[PROBLEM DETAILS]:
Nothing but the lines from the one with "rewrite ler_pdivrMr ?partition_fn_gt0" through the end of the records below should be written out, and each must match word for word.

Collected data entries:
Section Minors.
Variable m : nat.
Implicit Types (S : {set 'I_m}) (W : mv m).

Definition setpos S (x : 'I_m) : nat := #|[set p in S | (p < x)%N]|.

Lemma shuffle_inv1 S x : shuffle_inv [set x] (S :\ x) = setpos S x.
Proof.
have pair_inj : injective (@pair 'I_m 'I_m x) by move=> ? ? /(congr1 snd).
rewrite /shuffle_inv /setpos -(card_imset _ pair_inj).
apply: eq_card => -[p1 p2]; rewrite !inE /=.
case: (eqVneq p1 x) => [->|ne]; last first.
  by apply/esym/negbTE/imsetP => -[y _ [e _]]; rewrite e eqxx in ne.
rewrite (mem_imset _ _ pair_inj) !inE.
by case: (eqVneq p2 x) => [->|_]; rewrite ?ltnn ?andbF.
Qed.

Lemma wedge_mvecE (v : 'rV[rat]_m) W S :
  wedge (mvec v) W S = \sum_(x in S) (-1) ^+ setpos S x * v 0 x * W (S :\ x).
Proof.
rewrite wedgeE; under eq_bigr => A _ do rewrite ffunE big_distrr big_distrl /=.
rewrite (exchange_big_dep (mem S)) /=; last first.
  by move=> A j AS /eqP e; move: AS; rewrite e sub1set.
apply: eq_bigr => x xS; rewrite (big_pred1 [set x]) ?shuffle_signE ?shuffle_inv1 //.
by move=> A /=; rewrite andbC; case: (eqVneq A [set x]) => [->|]; rewrite ?sub1set ?xS.
Qed.

Lemma setpos_lt_card S x : x \in S -> (setpos S x < #|S|)%N.
Proof.
move=> xS; apply: proper_card; rewrite properE; apply/andP; split.
  by apply/subsetP => p; rewrite inE => /andP[].
by apply/subsetPn; exists x => //; rewrite inE ltnn andbF.
Qed.

Lemma setposD1 S x y : y \in S -> y != x ->
  setpos S y = (setpos (S :\ x) y + ((x \in S) && (x < y)%N))%N.
Proof.
move=> yS nyx; rewrite /setpos (cardsD1 x [set p in S | (p < y)%N]) addnC.
by congr (_ + _)%N; [apply: eq_card => p; rewrite !inE andbA | rewrite inE].
Qed.

Lemma setpos_leD1 S x (y : 'I_m) : x \in S -> (x < y)%N ->
  (setpos S x <= setpos (S :\ x) y)%N.
Proof.
move=> xS xy; apply: subset_leq_card; apply/subsetP => p; rewrite !inE => /andP[pS px].
by rewrite pS (ltn_trans px xy) !andbT; apply: contraTneq px => ->; rewrite ltnn.
Qed.

Lemma setposD1_lt S (x y : 'I_m) : y \in S -> (y < x)%N ->
  (setpos (S :\ x) y < setpos S x)%N.
Proof.
move=> yS yx; apply: proper_card; rewrite properE; apply/andP; split.
  by apply/subsetP => p; rewrite !inE => /andP[/andP[_ pS] py]; rewrite pS (ltn_trans py yx).
by apply/subsetPn; exists y; rewrite !inE ?yS ?yx // ltnn !andbF.
Qed.

Lemma wedge_rows0 (M : 'M[rat]_(0, m)) : wedge_rows M = mv1 m.
Proof. by rewrite /wedge_rows enum_ord0. Qed.

Lemma wedge_rowsS k (M : 'M[rat]_(k.+1, m)) :
  wedge_rows M = wedge (mvec (row 0 M)) (wedge_rows (row' 0 M)).
Proof.
rewrite /wedge_rows enum_ordSl /= -map_comp; congr (wedge _ (wedge_seq _)).
by apply: eq_map => i /=; apply/rowP => j; rewrite !mxE.
Qed.

Definition minor k (M : 'M[rat]_(k, m)) S : 'M[rat]_k :=
  \matrix_(i, j) \sum_(x in S | setpos S x == j) M i x.

Lemma wedge_rowsE k (M : 'M[rat]_(k, m)) S :
  wedge_rows M S = if #|S| == k then \det (minor M S) else 0.
Proof.
elim: k M S => [|k IH] M S.
  by rewrite wedge_rows0 ffunE det_mx00 cards_eq0; case: (S == set0).
rewrite wedge_rowsS wedge_mvecE; under eq_bigr => x xS do rewrite IH.
case: (eqVneq #|S| k.+1) => hS; last first.
  apply: big1 => x xS; rewrite (_ : (#|S :\ x| == k) = false) ?mulr0 //.
  by apply: contra_neqF hS => /eqP h; rewrite (cardsD1 x) xS h.
have cardD1 x : x \in S -> #|S :\ x| == k.
  by move=> xS; move: hS; rewrite (cardsD1 x) xS add1n => -[->].
under eq_bigr => x xS do rewrite mxE cardD1 //.
rewrite (expand_det_row _ 0); under [RHS]eq_bigr => j _ do rewrite mxE big_distrl /=.
rewrite (exchange_big_dep (mem S)) /=; last by move=> j x _ /andP[].
apply: eq_bigr => x xS; have rlt : (setpos S x < k.+1)%N by rewrite -hS setpos_lt_card.
rewrite (big_pred1 (inord (setpos S x))); last first.
  move=> j /=; rewrite xS /=; apply/eqP/eqP => [e|->]; last by rewrite inordK.
  by apply: val_inj; rewrite /= inordK.
rewrite /cofactor inordK // add0n mulrA [M 0 x * _]mulrC; congr (_ * \det _).
apply/matrixP => i j; rewrite !mxE; under [LHS]eq_bigr => y _ do rewrite mxE.
apply/esym; apply: eq_bigl => y; rewrite !inE /= /bump inordK //.
case: (eqVneq y x) => [->|nyx] /=.
  by rewrite xS /=; apply/negbTE/eqP; case: (leqP (setpos S x) j); lia.
case yS: (y \in S) => //=; rewrite (setposD1 yS nyx) xS /=.
case: (ltngtP x y) => [xy|yx|/val_inj e]; last by rewrite e eqxx in nyx.
  have := setpos_leD1 xS xy; move: (setpos _ y) (setpos S x) (nat_of_ord j) => p q r qp.
  by case: (leqP q r) => /= ?; apply/eqP/eqP; lia.
have := setposD1_lt yS yx; move: (setpos _ y) (setpos S x) (nat_of_ord j) => p q r pq.
by case: (leqP q r) => /= ?; apply/eqP/eqP; lia.
Qed.

End Minors.

Lemma card_ord_lt p n : (n <= p)%N -> #|[set i : 'I_p | (i < n)%N]| = n.
Proof.
elim: n => [|n IH] np.
  by apply/eqP; rewrite cards_eq0; apply/eqP/setP => i; rewrite !inE.
rewrite (cardsD1 (Ordinal np)) inE ltnSn add1n; congr _.+1.
rewrite -[RHS](IH (ltnW np)); apply: eq_card => i.
by rewrite !inE ltnS -val_eqE /= ltn_neqAle andbC.
Qed.

Section WedgeRows.
Variable m : nat.
Implicit Types (S T : {set 'I_m}).

Lemma setpos_ltn S (x y : 'I_m) : x \in S -> (x < y)%N -> (setpos S x < setpos S y)%N.
Proof.
move=> xS xy; apply: proper_card; rewrite properE; apply/andP; split.
  by apply/subsetP => p; rewrite !inE => /andP[pS px]; rewrite pS (ltn_trans px xy).
by apply/subsetPn; exists x; rewrite !inE ?xS ?xy // ltnn andbF.
Qed.

Lemma setpos_inj S : {in S &, injective (setpos S)}.
Proof.
move=> x y xS yS e; case: (ltngtP x y) => [h|h|/val_inj //].
  by have := setpos_ltn xS h; rewrite e ltnn.
by have := setpos_ltn yS h; rewrite e ltnn.
Qed.

Lemma setpos_setT (x : 'I_m) : setpos [set: 'I_m] x = x.
Proof.
by rewrite /setpos -[RHS](card_ord_lt (ltnW (ltn_ord x))); apply: eq_card => p; rewrite !inE.
Qed.

Lemma setpos_onto S j : (j < #|S|)%N -> exists2 x, x \in S & setpos S x = j.
Proof.
move=> jS; have [] := @uniq_min_size _ [seq setpos S x | x in S] (iota 0 #|S|).
- by rewrite map_inj_in_uniq ?enum_uniq // => x y; rewrite !mem_enum; apply: setpos_inj.
- by move=> y /mapP[x]; rewrite mem_enum => xS ->; rewrite mem_iota setpos_lt_card.
- by rewrite size_map size_iota -cardE.
by move=> _ /(_ j); rewrite mem_iota jS => /mapP[x]; rewrite mem_enum => xS ->; exists x.
Qed.

Definition mx_of_seq n (s : seq 'rV[rat]_m) : 'M[rat]_(n, m) :=
  \matrix_(i < n, j < m) (nth 0 s i) 0 j.

Lemma wedge_rows_mx_of_seq n s : size s = n -> wedge_rows (mx_of_seq n s) = wedge_seq s.
Proof.
move=> <-; rewrite /wedge_rows; congr wedge_seq.
transitivity [seq nth 0 s i | i <- iota 0 (size s)]; last by rewrite map_nth_iota0 // take_size.
rewrite -val_enum_ord -map_comp.
by apply: eq_map => i /=; apply/rowP => j; rewrite !mxE.
Qed.

Lemma mx_of_seq_cat k l (s t : seq 'rV[rat]_m) : size s = k -> size t = l ->
  mx_of_seq (k + l) (s ++ t) = col_mx (mx_of_seq k s) (mx_of_seq l t).
Proof.
move=> hs ht; apply/matrixP => i j; rewrite !mxE.
by case: splitP => i' ->; rewrite !mxE nth_cat hs ?ltn_ord // ltnNge leq_addr addKn.
Qed.

Lemma mx_of_seq_submx n (s : seq 'rV[rat]_m) p (B : 'M[rat]_(p, m)) :
  {in s, forall v, (v <= B)%MS} -> (mx_of_seq n s <= B)%MS.
Proof.
move=> sB; apply/row_subP => i.
have -> : row i (mx_of_seq n s) = nth 0 s i by apply/rowP => j; rewrite !mxE.
case: (ltnP i (size s)) => hi; first by rewrite sB ?mem_nth.
by rewrite nth_default ?sub0mx.
Qed.

Lemma wedge_rows_setT (M : 'M[rat]_m) : wedge_rows M setT = \det M.
Proof.
rewrite wedge_rowsE cardsT card_ord eqxx; congr (\det _); apply/matrixP => i j; rewrite mxE.
by rewrite (big_pred1 j) // => x; rewrite inE setpos_setT.
Qed.

Lemma wedge_rows_mulmx k (C : 'M[rat]_k) (W : 'M[rat]_(k, m)) :
  wedge_rows (C *m W) = mv_scale (\det C) (wedge_rows W).
Proof.
apply/ffunP => S; rewrite ffunE !wedge_rowsE.
have -> : minor (C *m W) S = C *m minor W S.
  apply/matrixP => i j; rewrite !mxE; under eq_bigr => x _ do rewrite mxE.
  rewrite exchange_big; apply: eq_bigr => l _; rewrite mxE big_distrr.
  by apply: eq_bigr.
by rewrite det_mulmx; case: (#|S| == k); rewrite ?mulr0.
Qed.

Lemma wedge_rows_submx k (M W : 'M[rat]_(k, m)) :
  (M <= W)%MS -> exists d, wedge_rows M = mv_scale d (wedge_rows W).
Proof. by case/submxP=> D ->; exists (\det D); apply: wedge_rows_mulmx. Qed.

Definition coord_rows S : seq 'rV[rat]_m :=
  [seq \row_(x < m) ((x \in S) && (setpos S x == i))%:R | i <- iota 0 #|S|].

Lemma size_coord_rows S : size (coord_rows S) = #|S|.
Proof. by rewrite size_map size_iota. Qed.

Lemma nth_coord_rows S i (x : 'I_m) : (i < #|S|)%N ->
  (nth 0 (coord_rows S) i) 0 x = ((x \in S) && (setpos S x == i))%:R.
Proof. by move=> hi; rewrite (nth_map 0%N) ?size_iota // nth_iota // mxE. Qed.

Lemma wedge_coord_rows S : wedge_seq (coord_rows S) = basis_mv S.
Proof.
rewrite -(wedge_rows_mx_of_seq (size_coord_rows S)).
apply/ffunP => T; rewrite wedge_rowsE ffunE.
have minor_entry U i j : minor (mx_of_seq #|S| (coord_rows S)) U i j =
    \sum_(x in U | setpos U x == j) ((x \in S) && (setpos S x == i))%:R.
  by rewrite mxE; apply: eq_bigr => x _; rewrite mxE nth_coord_rows.
case: (eqVneq T S) => [->|nTS].
  rewrite eqxx (_ : minor _ S = 1%:M) ?det1 //; apply/matrixP => i j.
  have [x xS xj] := setpos_onto (ltn_ord j).
  rewrite minor_entry mxE (big_pred1 x) /= ?xS ?xj 1?eq_sym // => y.
  apply/andP/eqP => [[yS /eqP yj]|->]; last by rewrite xS xj.
  by apply: (setpos_inj yS xS); rewrite xj yj.
case: (eqVneq #|T| #|S|) => hT //=.
have /subsetPn[t tT tS] : ~~ (T \subset S).
  by apply: contra nTS => TS; apply/eqP/setP; apply/subset_cardP.
have rt : (setpos T t < #|S|)%N by rewrite -hT setpos_lt_card.
rewrite (expand_det_col _ (Ordinal rt)) big1 // => i _; rewrite minor_entry.
by rewrite big1 ?mul0r // => x /andP[xT /eqP/(setpos_inj xT tT) ->]; rewrite (negbTE tS).
Qed.

End WedgeRows.

Section Hodge.
Variable m : nat.
Implicit Types (S : {set 'I_m}) (u v : mv m).

Lemma pairing_basisr u S : pairing u (basis_mv S) = u S.
Proof.
rewrite /pairing (bigD1 S) //= big1 ?addr0 => [|T /negbTE nTS]; rewrite ffunE ?nTS ?mulr0 //.
by rewrite eqxx mulr1.
Qed.

Lemma pairing_basisl u S : pairing (basis_mv S) u = u S.
Proof.
rewrite /pairing (bigD1 S) //= big1 ?addr0 => [|T /negbTE nTS]; rewrite ffunE ?nTS ?mul0r //.
by rewrite eqxx mul1r.
Qed.

Lemma wedge_setT u v :
  wedge u v setT = \sum_(A : {set 'I_m}) shuffle_sign A (~: A) * u A * v (~: A).
Proof. by rewrite wedgeE; apply: eq_big => [A|A _]; rewrite ?subsetT ?setTD. Qed.

Lemma hodgeE u S : hodge u S = shuffle_sign (~: S) S * u (~: S).
Proof.
rewrite ffunE pairing_basisr wedge_setT (bigD1 (~: S)) //= big1 ?addr0 => [|A nAS].
  by rewrite setCK ffunE eqxx mulr1.
by rewrite ffunE (_ : (~: A == S) = false) ?mulr0 //; apply: contraNF nAS => /eqP <-; rewrite setCK.
Qed.

Lemma wedge_hodge_setT u v : wedge u (hodge v) setT = pairing u v.
Proof.
rewrite wedge_setT; apply: eq_bigr => A _; rewrite hodgeE setCK !shuffle_signE.
by rewrite mulrCA !mulrA -exprD addnn -mul2n exprM sqrrN expr1n mul1r mulrC.
Qed.

Lemma pairing_hodgel u v : pairing (hodge u) v = wedge u v setT.
Proof.
rewrite wedge_setT /pairing (reindex_inj (@setC_inj _)) /=.
by apply: eq_bigr => A _; rewrite hodgeE setCK.
Qed.

Lemma hodgeZ c u : hodge (mv_scale c u) = mv_scale c (hodge u).
Proof. by apply/ffunP => S; rewrite [RHS]ffunE !hodgeE ffunE mulrCA. Qed.
Lemma ising_corr_subgraph E S lam A : 0 <= lam -> S \subset E ->
  ising_corr S lam A <= ising_corr E lam A.
Proof.
move=> lam_ge0 SE; rewrite !ising_corrE.
rewrite ler_pdivrMr ?partition_fn_gt0 // mulrAC ler_pdivlMr ?partition_fn_gt0 //.
by rewrite mulrC; exact: griffiths_cross.
Qed.

(** * Chains and parallel bonds *)

Lemma sum_decimate w a b c t (G : cfg -> R) : a != w -> b != w -> flip_invariant w G ->
  \sum_x (1 + c * (spin_at x a * spin_at x w)) * (1 + t * (spin_at x w * spin_at x b)) * G x =
  \sum_x (1 + c * t * (spin_at x a * spin_at x b)) * G x.
Proof.
move=> aw bw G_inv; rewrite (sum_flip_avg w); apply: eq_bigr => x _.
rewrite G_inv (spin_at_flip_neq x aw) (spin_at_flip_neq x bw) spin_at_flip.
have s2 := spin_at_sqr x w; set s := spin_at x w in s2 *.
set A := spin_at x a; set B := spin_at x b.
transitivity ((1 + c * t * (A * B) * (s * s)) * G x); first by field.
by rewrite s2 mulr1.
Qed.

Fixpoint chain_weight (c t : R) (a : V) (p : seq V) (x : cfg) : R :=
  if p is b :: p' then (1 + c * (spin_at x a * spin_at x b)) * chain_weight t t b p' x
  else 1.

Lemma flip_invariant_chain w c t a p : w \notin a :: p -> flip_invariant w (chain_weight c t a p).
Proof.
elim: p c a => [|b p IHp] c a //; rewrite !inE !negb_or => /and3P[wa wb wp] x /=.
by rewrite IHp ?inE ?negb_or ?wb // !spin_at_flip_neq // eq_sym.
Qed.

[OUTPUT OF THE EXERCISE]:
rewrite ler_pdivrMr ?partition_fn_gt0 // mulrAC ler_pdivlMr ?partition_fn_gt0 //.
by rewrite mulrC; exact: griffiths_cross.
Qed.

(** * Chains and parallel bonds *)

Lemma sum_decimate w a b c t (G : cfg -> R) : a != w -> b != w -> flip_invariant w G ->
  \sum_x (1 + c * (spin_at x a * spin_at x w)) * (1 + t * (spin_at x w * spin_at x b)) * G x =
  \sum_x (1 + c * t * (spin_at x a * spin_at x b)) * G x.
Proof.
move=> aw bw G_inv; rewrite (sum_flip_avg w); apply: eq_bigr => x _.
rewrite G_inv (spin_at_flip_neq x aw) (spin_at_flip_neq x bw) spin_at_flip.
have s2 := spin_at_sqr x w; set s := spin_at x w in s2 *.
set A := spin_at x a; set B := spin_at x b.
transitivity ((1 + c * t * (A * B) * (s * s)) * G x); first by field.
by rewrite s2 mulr1.
Qed.

Fixpoint chain_weight (c t : R) (a : V) (p : seq V) (x : cfg) : R :=
  if p is b :: p' then (1 + c * (spin_at x a * spin_at x b)) * chain_weight t t b p' x
  else 1.

Lemma flip_invariant_chain w c t a p : w \notin a :: p -> flip_invariant w (chain_weight c t a p).
Proof.
elim: p c a => [|b p IHp] c a //; rewrite !inE !negb_or => /and3P[wa wb wp] x /=.
by rewrite IHp ?inE ?negb_or ?wb // !spin_at_flip_neq // eq_sym.
Qed.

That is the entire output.